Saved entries
Lemma Dobj_scale lam (c : R) a : 0 < c -> 0 < lam ->
  D (c * lam) (fun q => c * a q)
  = c * (D lam a + (1 - c) / 4 * \sum_q a q ^+ 2).
Proof.
move=> c_gt0 lam_gt0; rewrite /Dobj.
have -> : \sum_k ((c * lam * eta)^-1 * pos_part (Crow k (fun q => c * a q) - c * lam)) ^+ 2
          = \sum_k ((lam * eta)^-1 * pos_part (Crow k a - lam)) ^+ 2.
  apply: eq_bigr => k _; rewrite Crow_scale -mulrBr pos_partZ ?ltW //.
  by congr (_ ^+ 2); field; rewrite !gt_eqF.
under eq_bigr => q _ do rewrite exprMn.
under [X in _ + X - _]eq_bigr => q _ do rewrite mulrCA.
by rewrite -!mulr_sumr; ring.
Qed.

Lemma Dobj_growth_at_max_scaled lam (c : R) a b : 0 < c -> 0 < lam ->
  (forall q, 0 <= a q) ->
  (forall b', (forall q, 0 <= b' q) -> D (c * lam) b' <= D (c * lam) a) ->
  (forall q, 0 <= b q) ->
  c * (D lam b + (1 - c) / 4 * \sum_q b q ^+ 2) + (\sum_q (c * b q - a q) ^+ 2) / 4
  <= D (c * lam) a.
Proof.
move=> c_gt0 lam_gt0 a_ge0 a_max b_ge0; rewrite -Dobj_scale //.
apply: Dobj_growth_at_max => //; first by rewrite mulr_gt0.
by move=> q; rewrite mulr_ge0 ?b_ge0 ?ltW.
Qed.

Lemma dual_max_ball lam lam0 a a0 : 0 < lam -> lam <= lam0 ->
  (forall q, 0 <= a q) -> (forall b, (forall q, 0 <= b q) -> D lam b <= D lam a) ->
  (forall q, 0 <= a0 q) -> (forall b, (forall q, 0 <= b q) -> D lam0 b <= D lam0 a0) ->
  norm2_q (fun q => a q - (1 + lam / lam0) / 2 * a0 q)
  <= (1 - lam / lam0) / 2 * norm2_q a0.
Proof.
move=> lam_gt0 le_lam a_ge0 a_max a0_ge0 a0_max.
have lam0_gt0 : 0 < lam0 by apply: lt_le_trans le_lam.
set r := lam / lam0.
have r_gt0 : 0 < r by rewrite divr_gt0.
have r_le1 : r <= 1 by rewrite ler_pdivrMr // mul1r.
have r_lam0 : r * lam0 = lam by rewrite divfK ?gt_eqF.
have rV_lam : r^-1 * lam = lam0 by rewrite invf_div divfK ?gt_eqF.
set AA := \sum_q a q ^+ 2; set BB := \sum_q a0 q ^+ 2; set AB := \sum_q a q * a0 q.
have sum_sqr c1 c2 : \sum_q (c1 * a q + c2 * a0 q) ^+ 2
                     = c1 ^+ 2 * AA + 2 * c1 * c2 * AB + c2 ^+ 2 * BB.
  exact: sum_sqr_lincomb.
have near_a : r * (D lam0 a0 + (1 - r) / 4 * BB) + (AA - 2 * r * AB + r ^+ 2 * BB) / 4
              <= D lam a.
  have := Dobj_growth_at_max_scaled r_gt0 lam0_gt0 a_ge0.
  rewrite r_lam0 => /(_ _ a_max a0_ge0); rewrite -/BB.
  rewrite (eq_bigr (fun q => ((-1) * a q + r * a0 q) ^+ 2)) => [|q _]; last first.
    by congr (_ ^+ 2); ring.
  rewrite sum_sqr; lra.
have near_a0 : D lam a + AA / 4 - AB / 2 + r * BB / 4 <= r * D lam0 a0.
  have rV_gt0 : 0 < r^-1 by rewrite invr_gt0.
  have := Dobj_growth_at_max_scaled rV_gt0 lam_gt0 a0_ge0.
  rewrite rV_lam => /(_ _ a0_max a_ge0); rewrite -/AA.
  rewrite (eq_bigr (fun q => (r^-1 * a q + (-1) * a0 q) ^+ 2)) => [|q _]; last first.
    by congr (_ ^+ 2); ring.
  rewrite sum_sqr => /(ler_wpM2l (ltW r_gt0)).
  have -> : r * (r^-1 * (D lam a + (1 - r^-1) / 4 * AA)
                 + (r^-1 ^+ 2 * AA + 2 * r^-1 * -1 * AB + (-1) ^+ 2 * BB) / 4)
            = D lam a + AA / 4 - AB / 2 + r * BB / 4.
    by field; rewrite gt_eqF.
  done.
have ball_sqr : \sum_q (a q - (1 + r) / 2 * a0 q) ^+ 2 <= ((1 - r) / 2) ^+ 2 * BB.
  rewrite (eq_bigr (fun q => (1 * a q + (- ((1 + r) / 2)) * a0 q) ^+ 2)) => [|q _ /=]; last first.
    by congr (_ ^+ 2); ring.
  rewrite sum_sqr; lra.
rewrite /norm2_q -[X in _ <= X * _]ger0_norm ?divr_ge0 ?subr_ge0 //.
by rewrite -sqrtr_sqr -sqrtrM ?sqr_ge0 // ler_wsqrtr.
Qed.

Lemma Crow_lipschitz j a b :
  `|Crow j a - Crow j b| <= Crow_norm x d s j * norm2_q (fun q => a q - b q).
Proof.
have -> : Crow j a - Crow j b = \sum_q C j q * (a q - b q).
  by rewrite /Crow_mul -sumrB; apply: eq_bigr => q _; rewrite mulrBr.
exact: cauchy_schwarz.
Qed.

Lemma Crow_le_norm j a : Crow j a <= norm2_q a * Crow_norm x d s j.
Proof. by rewrite mulrC; apply: le_trans (ler_norm _) (cauchy_schwarz _ _). Qed.

Lemma dual_max_Crow_le lam lam0 eps a a0star a0 j :
  let r := lam / lam0 in let N := Crow_norm x d s j in
  0 < lam -> lam <= lam0 ->
  (forall q, 0 <= a q) -> (forall b, (forall q, 0 <= b q) -> D lam b <= D lam a) ->
  (forall q, 0 <= a0star q) ->
  (forall b, (forall q, 0 <= b q) -> D lam0 b <= D lam0 a0star) ->
  norm2_q (fun q => a0 q - a0star q) <= eps ->
  Crow j a <= (1 + r) / 2 * (Crow j a0 + N * eps) + N * ((1 - r) / 2 * (norm2_q a0 + eps)).
Proof.
move=> r N lam_gt0 le_lam a_ge0 a_max a0star_ge0 a0star_max a0_near.
have lam0_gt0 : 0 < lam0 by apply: lt_le_trans le_lam.
have r_ge0 : 0 <= r by rewrite divr_ge0 ?ltW.
have r_le1 : r <= 1 by rewrite ler_pdivrMr // mul1r.
have N_ge0 : 0 <= N by apply: sqrtr_ge0.
have ball := dual_max_ball lam_gt0 le_lam a_ge0 a_max a0star_ge0 a0star_max.
rewrite -/r in ball.
have a_near : Crow j a <= (1 + r) / 2 * Crow j a0star + N * ((1 - r) / 2 * norm2_q a0star).
  have := Crow_lipschitz j a (fun q => (1 + r) / 2 * a0star q).
  rewrite Crow_scale ler_norml -/N => /andP[_ le_dist].
  have := le_trans le_dist (ler_wpM2l N_ge0 ball); lra.
have a0star_near : Crow j a0star <= Crow j a0 + N * eps.
  have := Crow_lipschitz j a0 a0star; rewrite ler_norml -/N => /andP[le_dist _].
  have := ler_wpM2l N_ge0 a0_near; lra.
have a0star_norm : norm2_q a0star <= norm2_q a0 + eps.
  by apply: le_trans (norm_le_add_dist a0 a0star) _; rewrite lerD2l.
have rm_ge0 : 0 <= (1 - r) / 2 by rewrite divr_ge0 ?subr_ge0.
have rp_ge0 : 0 <= (1 + r) / 2 by rewrite divr_ge0 ?addr_ge0.
have := ler_wpM2l N_ge0 (ler_wpM2l rm_ge0 a0star_norm).
have := ler_wpM2l rp_ge0 a0star_near.
lra.
Qed.

Lemma Pobj_grad_screen lam m k : 0 < lam -> (forall i, 0 <= m i) ->
  (0 < m k -> Pobj_grad lam m k = 0) -> Crow k (alpha_of m) <= lam -> m k = 0.
Proof.
move=> lam_gt0 m_ge0 grad_eq0 small; apply/le_anti; rewrite m_ge0 andbT leNgt.
apply/negP => mk_gt0; have := grad_eq0 mk_gt0; rewrite /Pobj_grad.
have : 0 < lam * eta * m k by rewrite !mulr_gt0.
lra.
Qed.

> **WHAT IS NEEDED**
Starting with the line above that holds "have rV_lam : r^-1" and stopping with the line that holds "rewrite sum_sqr =>", reproduce each line exactly, omitting all other lines.

> **SOLUTION FOR THIS EXERCISE**
have rV_lam : r^-1 * lam = lam0 by rewrite invf_div divfK ?gt_eqF.
set AA := \sum_q a q ^+ 2; set BB := \sum_q a0 q ^+ 2; set AB := \sum_q a q * a0 q.
have sum_sqr c1 c2 : \sum_q (c1 * a q + c2 * a0 q) ^+ 2
                     = c1 ^+ 2 * AA + 2 * c1 * c2 * AB + c2 ^+ 2 * BB.
  exact: sum_sqr_lincomb.
have near_a : r * (D lam0 a0 + (1 - r) / 4 * BB) + (AA - 2 * r * AB + r ^+ 2 * BB) / 4
              <= D lam a.
  have := Dobj_growth_at_max_scaled r_gt0 lam0_gt0 a_ge0.
  rewrite r_lam0 => /(_ _ a_max a0_ge0); rewrite -/BB.
  rewrite (eq_bigr (fun q => ((-1) * a q + r * a0 q) ^+ 2)) => [|q _]; last first.
    by congr (_ ^+ 2); ring.
  rewrite sum_sqr; lra.
have near_a0 : D lam a + AA / 4 - AB / 2 + r * BB / 4 <= r * D lam0 a0.
  have rV_gt0 : 0 < r^-1 by rewrite invr_gt0.
  have := Dobj_growth_at_max_scaled rV_gt0 lam_gt0 a0_ge0.
  rewrite rV_lam => /(_ _ a0_max a_ge0); rewrite -/AA.
  rewrite (eq_bigr (fun q => (r^-1 * a q + (-1) * a0 q) ^+ 2)) => [|q _]; last first.
    by congr (_ ^+ 2); ring.
  rewrite sum_sqr => /(ler_wpM2l (ltW r_gt0)).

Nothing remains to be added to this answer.